» **Description of the task**
Transcribe the listing below from its opening line up to and including the line that contains "move=> hz hzy;"; reproduce nothing else.

□ □ □ □

(* Walking from v, one enters the legs only through their first vertex. *)
Lemma legs_cover u : u != v -> exists2 w, e v w & u \in q w.
Proof.
pose covered z := z = v \/ exists2 w, e v w & z \in q w.
have step z y : covered z -> e z y -> covered y.
  move=> hz hzy; case: (eqVneq y v) => [->|y_v]; [by left | right].
  case: hz => [z_v|[w hw hzw]]; first by exists y; rewrite ?mem_head // -z_v.
  exists w => //; apply: (leg_closed hw (legsP w) hzw).
  by rewrite /avoid_rel /= hzy y_v (leg_ne_root hw (legsP w) hzw).
have walk z p : covered z -> path e z p -> covered (last z p).
  by elim: p z => [|y p IH] z //= hz /andP [hzy hp]; exact: IH (step z y hz hzy) hp.
move=> u_v; case/connectP: (e_conn v u) => p hp u_last.
case: (walk v p (or_introl erefl) hp); rewrite -u_last // => u_eq.
by rewrite u_eq eqxx in u_v.
Qed.

Lemma legs_disjoint w w' u : e v w -> e v w' -> u \in q w -> u \in q w' -> w = w'.
Proof.
move=> hw hw' hu hu'.
have w_u : connect A w u by rewrite -(leg_reach hw (legsP w)).
have w'_u : connect A w' u by rewrite -(leg_reach hw' (legsP w')).
have : connect A w w' by rewrite (connect_trans w_u) // (sym_connect_sym avoid_sym).
rewrite -(leg_reach hw (legsP w)) => w'_in.
have idx0 : index w' (q w) = 0.
  by apply: (leg_root_adj hw (legsP w)); rewrite ?index_mem ?nth_index.
by rewrite -(nth_index v w'_in) idx0.
Qed.

Lemma leg_nbr w x y : e v w -> x \in q w -> e x y -> y = v \/ y \in q w.
Proof.
move=> hw hx hxy; case: (eqVneq y v) => [->|y_v]; [by left | right].
apply: (leg_closed hw (legsP w) hx).
by rewrite /avoid_rel /= hxy y_v (leg_ne_root hw (legsP w) hx).
Qed.

Lemma card_subtree w : e v w -> #|subtree_root_child e v w| = size (q w).
Proof.
move=> hw; rewrite -(card_uniqP (legs_uniq w)); apply: eq_card => u.
by rewrite inE (leg_reach hw (legsP w)).
Qed.

Lemma card_Ci i : #|Ci e v i| = \sum_(w in C) (size (q w) %% 3 == i).
Proof.
rewrite card_sep_sum; apply: eq_bigr => w; rewrite inE => hw.
by rewrite card_subtree.
Qed.

Lemma card_split (F : {set T}) : #|F| = (v \in F) + \sum_(w in C) count (mem F) (q w).
Proof.
rewrite -sum1_card big_mkcond (bigD1 v) //; congr (_ + _).
have on_legs u : u != v -> (u \in F : nat) = \sum_(w in C) ((u \in q w) && (u \in F)).
  move=> u_v; have [w0 hw0 hu0] := legs_cover u_v.
  rewrite (bigD1 w0) /=; last by rewrite inE.
  rewrite hu0 big1 ?addn0 // => w /andP [hw w_w0].
  case: (boolP (u \in q w)) => // huw; rewrite inE in hw.
  by rewrite (legs_disjoint hw0 hw hu0 huw) eqxx in w_w0.
rewrite (eq_bigr _ on_legs) exchange_big; apply: eq_bigr => w hw; rewrite inE in hw.
rewrite -(sum_mem_count _ (legs_uniq w)) [RHS](bigD1 v) //=.
have v_out : v \notin q w by apply/negP => /(leg_ne_root hw (legsP w)); rewrite eqxx.
by rewrite (negbTE v_out).
Qed.

Lemma diss_leg_no_three F w : dissociation e F -> e v w ->
  no_three_in_row (map (mem F) (q w)).
Proof.
move=> /dissociationP hF hw i; rewrite !(nth_map_mem _ _ v).
apply/negP => /and3P [/andP [hi0 h0] /andP [hi1 h1] /andP [hi2 h2]].
have prev : e (nth v (q w) i.+1) (nth v (q w) i) by rewrite e_sym (leg_edge (legsP w) hi1).
move/eqP: (hF _ _ _ h1 h0 h2 prev (leg_edge (legsP w) hi2)).
by rewrite (nth_uniq v hi0 hi2 (legs_uniq w)) ltn_eqF.
Qed.

Lemma diss_root_child_next F w : dissociation e F -> e v w -> v \in F -> w \in F ->
  ~~ nth false (map (mem F) (q w)) 1.
Proof.
move=> /dissociationP hF hw hv hwF; rewrite (nth_map_mem _ _ v); apply/andP => -[hi h1].
have w_v : e w v by rewrite e_sym.
have v_eq := hF _ _ _ hwF hv h1 w_v (leg_edge (legsP w) hi).
by have := leg_ne_root hw (legsP w) (mem_nth v hi); rewrite -v_eq eqxx.
Qed.

Definition max_without_root : nat := \sum_(w in C) path_diss (size (q w)).

Definition leg_base : nat := \sum_(w in C) path_diss (size (q w)).-1.

Definition max_with_root : nat := 1 + leg_base + (0 < #|Ci e v 1|).

Lemma max_without_root_split : max_without_root = leg_base + #|Ci e v 1| + #|Ci e v 2|.
Proof.
rewrite /max_without_root /leg_base !card_Ci -!big_split; apply: eq_bigr => w _.
exact: path_diss_rec.
Qed.

Lemma count_leg_map (F : {set T}) w :
  count (mem F) (q w) = count id (map (mem F) (q w)).
Proof. by rewrite count_map. Qed.

Lemma bound_without_root F : dissociation e F -> v \notin F -> #|F| <= max_without_root.
Proof.
move=> hF hv; rewrite card_split (negbTE hv) add0n; apply: leq_sum => w; rewrite inE => hw.
by rewrite count_leg_map -(size_map (mem F)); apply/count_no_three/diss_leg_no_three.
Qed.

(* With v in F: at most one child of v is in F, and only a child in C^1(v)
   gains over the bound path_diss (l_w - 1) for its leg. *)
Lemma bound_with_root F : dissociation e F -> v \in F -> #|F| <= max_with_root.
Proof.
move=> hF hv; rewrite card_split hv /max_with_root /leg_base -addnA leq_add2l.
pose extra w := (w \in F) && (size (q w) %% 3 == 1).
have leg_bound w : w \in C -> count (mem F) (q w) <= path_diss (size (q w)).-1 + extra w.
  rewrite inE => hw; have no3 := diss_leg_no_three hF hw.
  rewrite count_leg_map /extra -(size_map (mem F) (q w)).
  case: (boolP (w \in F)) => wF; rewrite ?andTb ?andFb.
    exact: count_no_three_head_pair no3 wF (diss_root_child_next hF hw hv wF).
  by rewrite addn0; apply: count_no_three_head_out no3 _.
apply: leq_trans (leq_sum _ leg_bound) _; rewrite big_split leq_add2l.
have extra_le1 : \sum_(w in C) extra w <= 1.
  apply: (@leq_trans (\sum_(w in C) (w \in F))).
    by apply: leq_sum => w _; rewrite /extra; case: (w \in F); rewrite ?leq_b1.
  rewrite -card_sep_sum; apply: leq_trans _ (hF v hv); apply: subset_leq_card.
  by apply/subsetP => x; rewrite !inE andbC.
have extra_le_c1 : \sum_(w in C) extra w <= #|Ci e v 1|.
  by rewrite card_Ci; apply: leq_sum => w _; rewrite /extra; case: (w \in F).
by case: posnP extra_le_c1 => [-> | _].
Qed.

Definition residue_set (b : bool) (r : T -> nat) : {set T} :=
  [set u | if u == v then b
           else [exists w, [&& e v w, u \in q w & index u (q w) %% 3 != r w]]].

Lemma residue_set_root b r : (v \in residue_set b r) = b.
Proof. by rewrite inE eqxx. Qed.

Lemma residue_set_leg b r w u : e v w -> u \in q w ->
  (u \in residue_set b r) = (index u (q w) %% 3 != r w).
Proof.
move=> hw hu; rewrite inE (negbTE (leg_ne_root hw (legsP w) hu)).
apply/existsP/idP => [[w' /and3P [hw' hu' res]] | res]; last by exists w; rewrite hw hu res.
by rewrite (legs_disjoint hw hw' hu hu').
Qed.

Lemma index_ext w u : e v w -> u \in q w -> index u (v :: q w) = (index u (q w)).+1.
Proof. by move=> hw hu; rewrite /= eq_sym (negbTE (leg_ne_root hw (legsP w) hu)). Qed.

Lemma residue_set_ext b r w u : e v w -> u \in v :: q w ->
  (u \in residue_set b r) = residue_pattern b (r w) (index u (v :: q w)).
Proof.
move=> hw; rewrite inE => /predU1P [->|hu]; first by rewrite residue_set_root index_head.
by rewrite (index_ext hw hu) (residue_set_leg _ _ hw hu).
Qed.

Lemma card_residue_set b r :
  #|residue_set b r| = b + \sum_(w in C) residue_avoid_count (r w) (size (q w)).
Proof.
rewrite card_split residue_set_root; congr (_ + _); apply: eq_bigr => w; rewrite inE => hw.
rewrite -[in LHS](mkseq_nth v (q w)) /mkseq count_map; apply: eq_in_count => i.
rewrite mem_iota add0n => /andP [_ hi] /=.
by rewrite (residue_set_leg _ _ hw (mem_nth v hi)) index_uniq ?legs_uniq.
Qed.

Lemma leg_nbr_ext w x y : e v w -> x \in q w -> e x y ->
  y \in v :: q w /\
  (index y (v :: q w) == (index x (v :: q w)).+1) ||
  (index x (v :: q w) == (index y (v :: q w)).+1).
Proof.
move=> hw hx hxy; rewrite (index_ext hw hx).
case: (leg_nbr hw hx hxy) => [y_v|hy]; subst.
  split; first exact: mem_head.
  have x_nth : e v (nth v (q w) (index x (q w))) by rewrite nth_index // e_sym.
  by rewrite index_head (leg_root_adj hw (legsP w) _ x_nth) // index_mem.
split; first by rewrite inE hy orbT.
rewrite (index_ext hw hy) !eqSS; apply: (leg_chordless hw (legsP w)); rewrite ?index_mem //.
by rewrite !nth_index.
Qed.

□ □ □ □

» **Response below**
(* Walking from v, one enters the legs only through their first vertex. *)
Lemma legs_cover u : u != v -> exists2 w, e v w & u \in q w.
Proof.
pose covered z := z = v \/ exists2 w, e v w & z \in q w.
have step z y : covered z -> e z y -> covered y.
  move=> hz hzy; case: (eqVneq y v) => [->|y_v]; [by left | right].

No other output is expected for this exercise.